# **Predicting Building Permit Issuance Times**
##                                                                                             ...and answering many questions!


**A Data Science Project**      
*by Aparna Shastry*

## Content
+ Introduction and Scope
+ Data
+ Cleaning the Data


## Introduction
A building permit is an official approval document issued by a governmental agency that allows you or your contractor to proceed with a construction or remodeling project on one's property. For more details click [here](https://www.thespruce.com/what-is-a-building-permit-1398344). Each city or county has its own office related to buildings, that can do multiple functions like issuing permits, inspecting buildings to enforce safety measures, modifying rules to accommodate needs of the growing population etc. For the city of San Francisco, permit issuing is taken care by [Permit Services wing of Department of Building Inspection](http://sfdbi.org/permit-services) (henceforth called DBI).
The delays in permit issuance pose serious problems to construction industries and later on real estate agencies.Read this [Trulia study](https://www.trulia.com/blog/trends/elasticity-2016/) and [Vancouver city article](https://biv.com/article/2014/11/city-building-permit-delays-costing-developers-tim).

### Scope of the Project

Primary objective of this Data Science Project is to predict the time delay window for the time in days between permit application and issuance for buildings in San Francisco city in California, USA. Since it is not possible to accurately predict the delay in resolution of days, the problem is limited to predicting if a permit will be issued in a week, or in 3 months or beyond 3 months.

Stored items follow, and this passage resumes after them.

Let b_gt0 : 0 < b.
Proof. by rewrite divr_gt0 ?pi_gt0 // ltr0n (leq_trans _ p_ge2). Qed.

Let b_le_pihalf : b <= pi / 2.
Proof.
by rewrite ler_pM2l ?pi_gt0 // lef_pV2 ?posrE ?ltr0n ?ler_nat // (leq_trans _ p_ge2).
Qed.

Lemma ell_continuous sg s : continuous (fun tau => ell p et sg tau s).
Proof.
move=> x; apply/differentiable_continuous/derivable1_diffP.
have lin : is_derive x 1 (fun tau => tau * et * s - sg * b) _ :=
  is_deriveB (is_derive_mul (is_derive_mul (is_derive_id x 1) (is_derive_cst et x 1))
    (is_derive_cst s x 1)) (is_derive_cst (sg * b) x 1).
by case: (is_deriveD (is_derive_mul (is_derive_cos x) (is_derive_sin_comp lin))
  (is_derive_mul (is_derive_mul (is_derive_cst s x 1) (is_derive_sin x))
    (is_derive_cos_comp lin))).
Qed.

Lemma ellN tau s : ell p et (-1) tau s = - ell p et 1 tau (- s).
Proof.
rewrite /ell (_ : tau * et * - s - 1 * _ = - (tau * et * s - -1 * (pi / p%:R))); last by ring.
by rewrite sinN cosN; ring.
Qed.

Lemma tau_ell_pm_le_root sg s c :
  0 < c -> ell p et sg c s = 0 -> (tau_ell_pm p et sg s <= c%:E)%E.
Proof. by move=> c_gt0 c_root; apply: ereal_inf_lbound; exists c. Qed.

Lemma tau_ell_ge0 s : (0 <= tau_ell p et s)%E.
Proof.
rewrite le_min; apply/andP; split;
  by apply: le_ereal_inf_tmp => _ [x [x_gt0 _] <-]; rewrite lee_fin ltW.
Qed.

Hypothesis et_gt0 : 0 < et.

Lemma ell_minus_gt0 s : 0 < s -> exists2 t1, 0 < t1 <= pi / 2 & 0 < ell p et 1 t1 s.
Proof.
(* The phase of ell_- vanishes at b / (eta s); if that is beyond pi/2, then the phase
   at pi/2 lies in (-b, 0). *)
move=> s_gt0; have es_gt0 : 0 < et * s by rewrite mulr_gt0.
have pi_gt0 := pi_gt0 R.
have [b_le|b_gt] := leP b (pi / 2 * (et * s)).
- exists (b / (et * s)); first by rewrite divr_gt0 //= ler_pdivrMr.
  rewrite /ell (_ : b / (et * s) * et * s - 1 * (pi / p%:R) = 0); last first.
    by rewrite -mulrA divfK ?gt_eqF // mul1r subrr.
  rewrite sin0 cos0 mulr0 add0r mulr1 mulr_gt0 // sin_gt0_pi // divr_gt0 //=.
  by apply: (@le_lt_trans _ _ (pi / 2)); [rewrite ler_pdivrMr | lra].
- exists (pi / 2); first by rewrite divr_gt0 //=.
  rewrite /ell cos_pihalf sin_pihalf mul0r add0r mulr1 mulr_gt0 // cos_gt0_pihalf //.
  have := b_gt0; have := b_le_pihalf.
  by rewrite mul1r -/b => b_le b_pos; apply/andP; split; nra.
Qed.

Lemma ell_minus_root s : 0 <= s -> exists2 c, 0 < c <= pi / 2 & ell p et 1 c s = 0.
Proof.
have pi_gt0 := pi_gt0 R.
rewrite le_eqVlt => /predU1P[<-|s_gt0].
  by exists (pi / 2); [rewrite divr_gt0 //= | rewrite /ell cos_pihalf !mul0r add0r].
have [t1 /andP[t1_gt0 t1_le] ell_t1] := ell_minus_gt0 s_gt0.
have ell_0 : ell p et 1 0 s < 0.
  rewrite /ell !mul0r add0r cos0 sin0 mulr0 mul0r addr0 mul1r mul1r sinN oppr_lt0.
  by rewrite sin_gt0_pi // b_gt0 (le_lt_trans b_le_pihalf) //; lra.
have ell_le := ltW (lt_trans ell_0 ell_t1).
have sign_change : Num.min (ell p et 1 0 s) (ell p et 1 t1 s) <= 0
                   <= Num.max (ell p et 1 0 s) (ell p et 1 t1 s).
  by rewrite (min_l ell_le) (max_r ell_le) !ltW.
have [c] := IVT (ltW t1_gt0) (continuous_subspaceT (@ell_continuous 1 s)) sign_change.
rewrite in_itv /= => /andP[c_ge0 c_le] c_root; exists c => //.
rewrite (le_trans c_le t1_le) andbT lt_neqAle c_ge0 andbT.
by apply/eqP => c0; rewrite -c0 in c_root; rewrite c_root ltxx in ell_0.
Qed.

Lemma tau_ell_le_pihalf s : (tau_ell p et s <= (pi / 2)%:E)%E.
Proof.
rewrite ge_min; have [s_ge0|s_lt0] := leP 0 s.
- have [c /andP[c_gt0 c_le] c_root] := ell_minus_root s_ge0.
  by rewrite (le_trans (tau_ell_pm_le_root c_gt0 c_root)) ?lee_fin.
- have Ns_ge0 : 0 <= - s by rewrite oppr_ge0 ltW.
  have [c /andP[c_gt0 c_le] c_root] := ell_minus_root Ns_ge0.
  have c_root' : ell p et (-1) c s = 0 by rewrite ellN c_root oppr0.
  by rewrite (le_trans (tau_ell_pm_le_root c_gt0 c_root')) ?lee_fin ?orbT.
Qed.
End LensRoots.

Section Ellipsoid.
Variables (R : realType) (I1 I3 : R).

Lemma eta_gtN1 : 0 < I1 -> 0 < I3 -> -1 < Defs.eta I1 I3.
Proof.
move=> I1_gt0 I3_gt0; have : 0 < I1 / I3 by rewrite divr_gt0.
by rewrite /Defs.eta; lra.
Qed.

Apart from this, we also draw some insights from the data to find out details that are of interest to the applicants.

## Data
Data for this project is available in San Francisco city open data portal. It is updated every Saturday.
1. Go to the link: [SF](https://data.sfgov.org/Housing-and-Buildings/Building-Permits/i98e-djp9/data) open portal. 
2. Click on Filter and "Add a Filter Condition".
3. A drop down menu appears.
4. Select, "Filed Date" and "is after".
5. I entered date as 12/31/2012, because I wanted to do analysis of last 4-5 years. I think most recent data is important in matters such as this, the city council policies could change, there might be new rules, new employers to expedite process etc. Old data may not be too useful in modeling.
6. I chose to download in CSV format because it is of the less than 100MB size and easy to load into notebook. If it gave issues, I might have chosen a different format.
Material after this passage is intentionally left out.